YOUR INSTRUCTIONS :: Give only the count of lines that contain "DeleteAtInjective" in the material.

SUPPLIED MATERIAL below:

(* Let $q\ge 2$ and $n\ge 1$ be integers and let $m=n+1$. Under uniform transmission over the $1$-insertion channel with input length $n$, $$\max_{{\boldsymbol y}\in\Sigma_q^{m}} \mathsf{H}^{\mathsf{In}}_{1\text{-}\mathsf{Ins}}({\boldsymbol y}) = \log_2 m,$$ and this maximum is attained only by channel outputs ${\boldsymbol y}$ with exactly $m$ runs.
   Context: $\Sigma_q=\{0,1,\dots,q-1\}$. For sequences ${\boldsymbol x}$ of length $\ell$ and ${\boldsymbol y}$ of length $N\ge \ell$, the embedding number $\omega_{{\boldsymbol x}}({\boldsymbol y})$ is the number of index tuples $1\le i_1<\dots<i_\ell\le N$ with $y_{i_j}=x_j$ for all $j$. The $k$-insertion channel with input length $n$ maps ${\boldsymbol x}\in\Sigma_q^n$ to ${\boldsymbol y}\in\Sigma_q^{n+k}$ with probability $\Pr\{{\boldsymbol y}\mid{\boldsymbol x}\}=\omega_{{\boldsymbol x}}({\boldsymbol y})/\big(\binom{n+k}{k}q^k\big)$ (exactly $k$ symbols are inserted, locations and values chosen uniformly). Under uniform transmission the input $X$ is uniform on $\Sigma_q^n$, and for an output ${\boldsymbol y}$ the input entropy is $\mathsf{H}^{\mathsf{In}}_{k\text{-}\mathsf{Ins}}({\boldsymbol y})=H(X\mid Y={\boldsymbol y})=-\sum_{{\boldsymbol x}}P({\boldsymbol x}\mid{\boldsymbol y})\log_2 P({\boldsymbol x}\mid{\boldsymbol y})$ with $P({\boldsymbol x}\mid {\boldsymbol y})=\Pr\{{\boldsymbol y}\mid{\boldsymbol x}\}/\sum_{{\boldsymbol x}'\in\Sigma_q^n}\Pr\{{\boldsymbol y}\mid{\boldsymbol x}'\}$. A run is a maximal block of identical consecutive symbols. *)

From mathcomp Require Import all_boot all_order all_algebra.
From mathcomp Require Import reals exp.
Set Implicit Arguments. Unset Strict Implicit. Unset Printing Implicit Defensive.
Import Order.TTheory GRing.Theory Num.Theory.
Local Open Scope ring_scope.

(* Sigma_q = 'I_q; sequences of length N are N.-tuple 'I_q. *)

(* An index tuple
   i_1 < ... < i_l is identified with the set S = {i_1,...,i_l} of 'I_N. *)
Definition embnum (q l N : nat) (x : l.-tuple 'I_q) (y : N.-tuple 'I_q) : nat :=
  #|[set S : {set 'I_N} | mask [seq (i \in S) | i <- enum 'I_N] (val y) == val x]|.

Definition ins_prob (R : realType) (q n k : nat)
    (y : (n + k).-tuple 'I_q) (x : n.-tuple 'I_q) : R :=
  (embnum x y)%:R / ('C(n + k, k) * q ^ k)%:R.

Definition posterior (R : realType) (q n k : nat)
    (y : (n + k).-tuple 'I_q) (x : n.-tuple 'I_q) : R :=
  ins_prob R y x / \sum_(x' : n.-tuple 'I_q) ins_prob R y x'.

Definition log2 (R : realType) (x : R) : R := ln x / ln 2.

Definition input_entropy (R : realType) (q n k : nat)
    (y : (n + k).-tuple 'I_q) : R :=
  \sum_(x : n.-tuple 'I_q)
    (let p := posterior R y x in if p == 0 then 0 else - (p * log2 p)).

Definition runs (T : eqType) (s : seq T) : nat :=
  match s with
  | [::] => 0
  | a :: t => (count (fun p : T * T => p.1 != p.2) (zip (a :: t) t)).+1
  end.

From mathcomp Require Import all_boot all_order all_algebra.
From mathcomp Require Import reals exp.
From mathcomp Require Import zify ring.

Set Implicit Arguments.
Unset Strict Implicit.
Unset Printing Implicit Defensive.

Import Order.TTheory GRing.Theory Num.Theory.

(* With one insertion, [embnum x y] is the number of positions of [y] whose
   deletion yields [x]; these counts sum to [n + 1], so the posterior is their
   empirical distribution and its entropy is log2 (n + 1) minus the
   nonnegative sum of (w / (n + 1)) log2 w, which vanishes iff every count is
   at most 1.  Deleting positions i < j of [y] gives the same word only if
   y_i = y_(i+1), and deleting two adjacent equal symbols always does, so the
   bound is attained exactly when adjacent symbols differ, i.e. when [y] has
   n + 1 runs; an alternating word over two symbols is such a [y]. *)

Definition delete_at {T : Type} (i : nat) (s : seq T) := take i s ++ drop i.+1 s.

Section DeleteAt.
Variable T : Type.
Implicit Types (s : seq T) (i j k : nat).

Lemma size_delete_at i s : i < size s -> size (delete_at i s) = (size s).-1.
Proof. by move=> lt_i_s; rewrite size_cat size_take lt_i_s size_drop; lia. Qed.

Lemma mask_iota_neq a i s :
  mask [seq k != a + i | k <- iota a (size s)] s = delete_at i s.
Proof.
elim: s a i => [|x s IHs] a [|i] //=.
- rewrite addn0 eqxx [RHS]/delete_at /= drop0.
  have /all_pred1P -> : all (pred1 true) [seq k != a | k <- iota a.+1 (size s)].
    rewrite all_map; apply/allP => k; rewrite mem_iota => /andP[lt_a_k _].
    by rewrite /= neq_ltn lt_a_k orbT.
  by rewrite size_map size_iota mask_true.
- by rewrite -addSnnS IHs neq_ltn ltn_addr.
Qed.

Lemma mask_setC1 N (i : 'I_N) s :
  size s = N -> mask [seq u \in [set~ i] | u <- enum 'I_N] s = delete_at i s.
Proof.
move=> size_s; rewrite -(mask_iota_neq 0) size_s -val_enum_ord -map_comp.
by congr mask; apply: eq_map => u; rewrite /= in_setC1.
Qed.

Lemma delete_at_nth_eq (x0 : T) k s : k.+1 < size s ->
  nth x0 s k = nth x0 s k.+1 -> delete_at k s = delete_at k.+1 s.
Proof.
move=> lt_k_s eq_k; rewrite /delete_at (take_nth x0) ?(ltnW lt_k_s) //.
by rewrite (drop_nth x0 lt_k_s) -eq_k -cats1 -catA.
Qed.

Lemma delete_at_eq_nth (x0 : T) i j s : i < j -> j < size s ->
  delete_at i s = delete_at j s -> nth x0 s i = nth x0 s i.+1.
Proof.
move=> lt_ij lt_j_s /(congr1 (nth x0 ^~ i)).
rewrite !nth_cat !size_take (ltn_trans lt_ij lt_j_s) lt_j_s ltnn lt_ij subnn.
by rewrite nth_drop addn0 nth_take.
Qed.

End DeleteAt.

Section DeleteAtInjective.
Variable T : eqType.

Local Notation neq := [rel a b : T | a != b].

Lemma delete_at_injP (s : seq T) :
  reflect {in gtn (size s) &, injective (delete_at ^~ s)} (sorted neq s).
Proof.
case: s => [|x0 s]; first by left.
move: (x0 :: s) => {}s.
apply: (iffP (sortedP x0)) => [neq_s i j lt_i lt_j | inj_s k lt_k].
- have [lt_ij|lt_ji|//] := ltngtP i j => eq_ij.
  + have /eqP[] := neq_s i (leq_ltn_trans lt_ij lt_j).
    exact: delete_at_eq_nth eq_ij.
  + have /eqP[] := neq_s j (leq_ltn_trans lt_ji lt_i).
    exact: delete_at_eq_nth (esym eq_ij).
- apply/eqP => /(delete_at_nth_eq lt_k)/inj_s.
  by move=> /(_ (ltnW lt_k) lt_k)/eqP; rewrite eqn_leq ltnn andbF.
Qed.

Lemma runs_eq_size (s : seq T) : (runs s == size s) = sorted neq s.
Proof.
case: s => [|a t] //=; rewrite eqSS.
elim: t a => [|b t IHt] a //=; rewrite -IHt.
case: (a != b); first by rewrite add1n eqSS.
by rewrite ltn_eqF // ltnS (leq_trans (count_size _ _)) // size_zip geq_minr.
Qed.

Lemma runs_alternating (a b : T) N : a != b ->
  runs (mkseq (fun k => if odd k then b else a) N) = N.
Proof.
move=> neq_ab; apply/eqP.
rewrite -[X in _ == X](size_mkseq (fun k => if odd k then b else a)) runs_eq_size.
apply/(sortedP a) => i; rewrite size_mkseq => lt_i.
by rewrite !nth_mkseq ?(ltnW lt_i) //=; case: (odd i); rewrite // eq_sym.
Qed.

End DeleteAtInjective.

Lemma count_mem_enum_ord N (S : {set 'I_N}) :
  count id [seq i \in S | i <- enum 'I_N] = #|S|.
Proof. by rewrite count_map cardE /enum_mem -size_filter filter_predT. Qed.

Section OneInsertion.
Variables (q l N : nat) (y : N.-tuple 'I_q).
Hypothesis N_eq : N = l.+1.

Lemma embnum_delete_at (x : l.-tuple 'I_q) :
  embnum x y = #|[set i : 'I_N | delete_at i y == x]|.
Proof.
have inj_setC1 : injective (fun i : 'I_N => [set~ i]).
  by move=> i j /setP/(_ i); rewrite !in_setC1 eqxx => /esym/eqP.
rewrite /embnum -(card_imset _ inj_setC1); congr #|pred_of_set _|.
apply/setP => S; rewrite inE; apply/eqP/imsetP => [mask_S | [i]].
- have /eqP card_S : #|S| == l.
    rewrite -(size_tuple x) -mask_S size_mask ?count_mem_enum_ord //.
    by rewrite size_map size_enum_ord size_tuple.
  have /cards1P[i S_eq] : #|~: S| == 1.
    by rewrite cardsCs setCK card_ord card_S N_eq subSnn.
  exists i; last by rewrite -S_eq setCK.
  by rewrite inE -mask_setC1 ?size_tuple // -S_eq setCK mask_S.
- by rewrite inE => /eqP del_i ->; rewrite mask_setC1 ?size_tuple.
Qed.

Lemma delete_at_tupleP (i : 'I_N) : size (delete_at i y) == l.
Proof. by rewrite size_delete_at size_tuple ?N_eq. Qed.

Lemma sum_embnum : (\sum_(x : l.-tuple 'I_q) embnum x y)%N = N.
Proof.
under eq_bigr => x _ do rewrite embnum_delete_at -sum1_card big_mkcond /=.
rewrite exchange_big /= -[RHS]card_ord -sum1_card; apply: eq_bigr => i _.
rewrite (bigD1 (Tuple (delete_at_tupleP i))) //= inE eqxx big1 // => x.
rewrite inE => /eqP neq_x; case: eqP => // del_i.
by case: neq_x; apply: val_inj.
Qed.

Lemma embnum_le1P :
  (forall x : l.-tuple 'I_q, embnum x y <= 1) <->
  {in gtn (size y) &, injective (delete_at ^~ (val y))}.
Proof.
split=> [le1 i j | inj_y x]; first rewrite !inE size_tuple => lt_i lt_j eq_ij.
- have := le1 (Tuple (delete_at_tupleP (Ordinal lt_i))).
  rewrite embnum_delete_at => /card_le1_eqP/(_ (Ordinal lt_i) (Ordinal lt_j)).
  by rewrite !inE /= eq_ij eqxx => /(_ isT isT)/(congr1 val).
- rewrite embnum_delete_at; apply/card_le1_eqP => i j.
  rewrite !inE => /eqP del_i /eqP del_j.
  by apply/val_inj/inj_y; rewrite ?inE ?size_tuple ?ltn_ord // del_i del_j.
Qed.

End OneInsertion.

Local Open Scope ring_scope.

Section Entropy.
Variable R : realType.

Definition entropy (I : finType) (p : I -> R) : R :=
  \sum_i (if p i == 0 then 0 else - (p i * log2 (p i))).

Definition empirical (I : finType) (w : I -> nat) : I -> R :=
  fun i => (w i)%:R / (\sum_j w j)%:R.

Lemma log2_nat_ge0 (k : nat) : 0 <= log2 (k%:R : R).
Proof.
rewrite /log2; have [->|k_gt0] := posnP k; first by rewrite ln0 ?mul0r.
by rewrite divr_ge0 ?ln_ge0 ?ler1n ?ltW ?ln_gt0 ?ltr1n.
Qed.

Lemma log2_nat_gt0 (k : nat) : (1 < k)%N -> 0 < log2 (k%:R : R).
Proof. by move=> k_gt1; rewrite divr_gt0 ?ln_gt0 ?ltr1n. Qed.

Section Empirical.
Variables (I : finType) (w : I -> nat).

Lemma leq_count_sum i : (w i <= \sum_j w j)%N.
Proof. by rewrite (bigD1 i) //= leq_addr. Qed.

Lemma entropy_empiricalE :
  entropy (empirical w) =
  log2 (\sum_j w j)%:R - \sum_i empirical w i * log2 (w i)%:R.
Proof.
have sum_log2 : \sum_i empirical w i * log2 (\sum_j w j)%:R = log2 (\sum_j w j)%:R.
  rewrite -mulr_suml /empirical -mulr_suml -natr_sum.
  have [->|sum_gt0] := posnP (\sum_j w j)%N; first by rewrite /log2 ln0 ?mul0r.
  by rewrite mulfV ?mul1r // pnatr_eq0 -lt0n.
rewrite -{1}sum_log2 -sumrB; apply: eq_bigr => i _.
have [w0|w_gt0] := posnP (w i); first by rewrite /empirical w0 !mul0r eqxx subrr.
have sum_gt0 := leq_trans w_gt0 (leq_count_sum i).
rewrite /empirical mulf_eq0 invr_eq0 !pnatr_eq0 (gtn_eqF w_gt0) (gtn_eqF sum_gt0) /=.
rewrite /log2 ln_div ?posrE ?ltr0n //; ring.
Qed.

Lemma empirical_log2_ge0 i : 0 <= empirical w i * log2 (w i)%:R.
Proof. by rewrite mulr_ge0 ?log2_nat_ge0 ?divr_ge0. Qed.

Lemma empirical_log2_eq0 i : (empirical w i * log2 (w i)%:R == 0) = (w i <= 1)%N.
Proof.
case: leqP => [w_le1|w_gt1].
  rewrite /empirical; case: (w i) w_le1 => [|[|//]] _; first by rewrite !mul0r eqxx.
  by rewrite /log2 ln1 mul0r mulr0 eqxx.
have sum_gt1 := leq_trans w_gt1 (leq_count_sum i).
by rewrite gt_eqF // mulr_gt0 ?log2_nat_gt0 ?divr_gt0 ?ltr0n ?(ltnW w_gt1)
  ?(ltnW sum_gt1).
Qed.

Lemma entropy_empirical_le : entropy (empirical w) <= log2 (\sum_j w j)%:R.
Proof.
rewrite entropy_empiricalE gerBl.
by apply: sumr_ge0 => i _; exact: empirical_log2_ge0.
Qed.

Lemma entropy_empirical_eq_log2P :
  entropy (empirical w) = log2 (\sum_j w j)%:R <-> forall i, (w i <= 1)%N.
Proof.
rewrite entropy_empiricalE; split=> [entropy_eq i | w_le1].
- move: entropy_eq; rewrite -[X in _ = X]subr0 => /addrI/oppr_inj sum0.
  rewrite -empirical_log2_eq0 (psumr_eq0P _ sum0) // => j _.
  exact: empirical_log2_ge0.
- by rewrite [X in _ - X]big1 ?subr0 // => i _; apply/eqP; rewrite empirical_log2_eq0.
Qed.

End Empirical.
End Entropy.

Section InsertionChannel.
Variables (R : realType) (q n k : nat).
Hypothesis q_gt0 : (0 < q)%N.

Lemma posterior_empirical (y : (n + k).-tuple 'I_q) (x : n.-tuple 'I_q) :
  posterior R y x = empirical R (fun x : n.-tuple _ => embnum x y) x.
Proof.
have C_neq0 : ('C(n + k, k) * q ^ k)%:R != 0 :> R.
  by rewrite pnatr_eq0 muln_eq0 negb_or -!lt0n bin_gt0 leq_addl expn_gt0 q_gt0.
by rewrite /posterior /ins_prob -mulr_suml -natr_sum invf_div mulrA divfK.
Qed.

Lemma input_entropyE (y : (n + k).-tuple 'I_q) :
  input_entropy R y = entropy (empirical R (fun x : n.-tuple _ => embnum x y)).
Proof. by apply: eq_bigr => x _; rewrite /= posterior_empirical. Qed.

End InsertionChannel.

Section SingleInsertion.
Variables (R : realType) (q n : nat).
Hypothesis q_gt0 : (0 < q)%N.

Lemma input_entropy1_le (y : (n + 1).-tuple 'I_q) :
  input_entropy R y <= log2 (n + 1)%:R.
Proof.
have := entropy_empirical_le R (fun x : n.-tuple _ => embnum x y).
by rewrite (sum_embnum y (addn1 n)) -input_entropyE.
Qed.

Lemma input_entropy1_eq_log2P (y : (n + 1).-tuple 'I_q) :
  input_entropy R y = log2 (n + 1)%:R <-> runs y = (n + 1)%N.
Proof.
have := entropy_empirical_eq_log2P R (fun x : n.-tuple _ => embnum x y).
rewrite (sum_embnum y (addn1 n)) -input_entropyE // => ->.
rewrite (embnum_le1P y (addn1 n)); split=> [/delete_at_injP | runs_y].
- by rewrite -runs_eq_size size_tuple => /eqP.
- by apply/delete_at_injP; rewrite -runs_eq_size runs_y size_tuple.
Qed.

End SingleInsertion.

Unset Implicit Arguments.

Theorem theorem7 (R : realType) (q n : nat) (hq : (2 <= q)%N) (hn : (1 <= n)%N) :
  (exists y : (n + 1).-tuple 'I_q, input_entropy R y = log2 ((n + 1)%:R : R)) /\
  (forall y : (n + 1).-tuple 'I_q, input_entropy R y <= log2 ((n + 1)%:R : R)) /\
  (forall y : (n + 1).-tuple 'I_q,
      input_entropy R y = log2 ((n + 1)%:R : R) -> runs (val y) = (n + 1)%N).
Proof.
have q_gt0 := ltnW hq.
split; [|split] => [|y|y]; last first.
- exact: (input_entropy1_eq_log2P _ q_gt0 y).1.
- exact: input_entropy1_le.
pose a : 'I_q := Ordinal q_gt0; pose b : 'I_q := Ordinal hq.
pose alternating := mkseq (fun k => if odd k then b else a) (n + 1).
have size_alternating : size alternating == (n + 1)%N by rewrite size_mkseq.
exists (Tuple size_alternating); apply/(input_entropy1_eq_log2P _ q_gt0).
exact: runs_alternating.
Qed.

End of SUPPLIED MATERIAL.

SOLUTION TO THE PROBLEM :: 2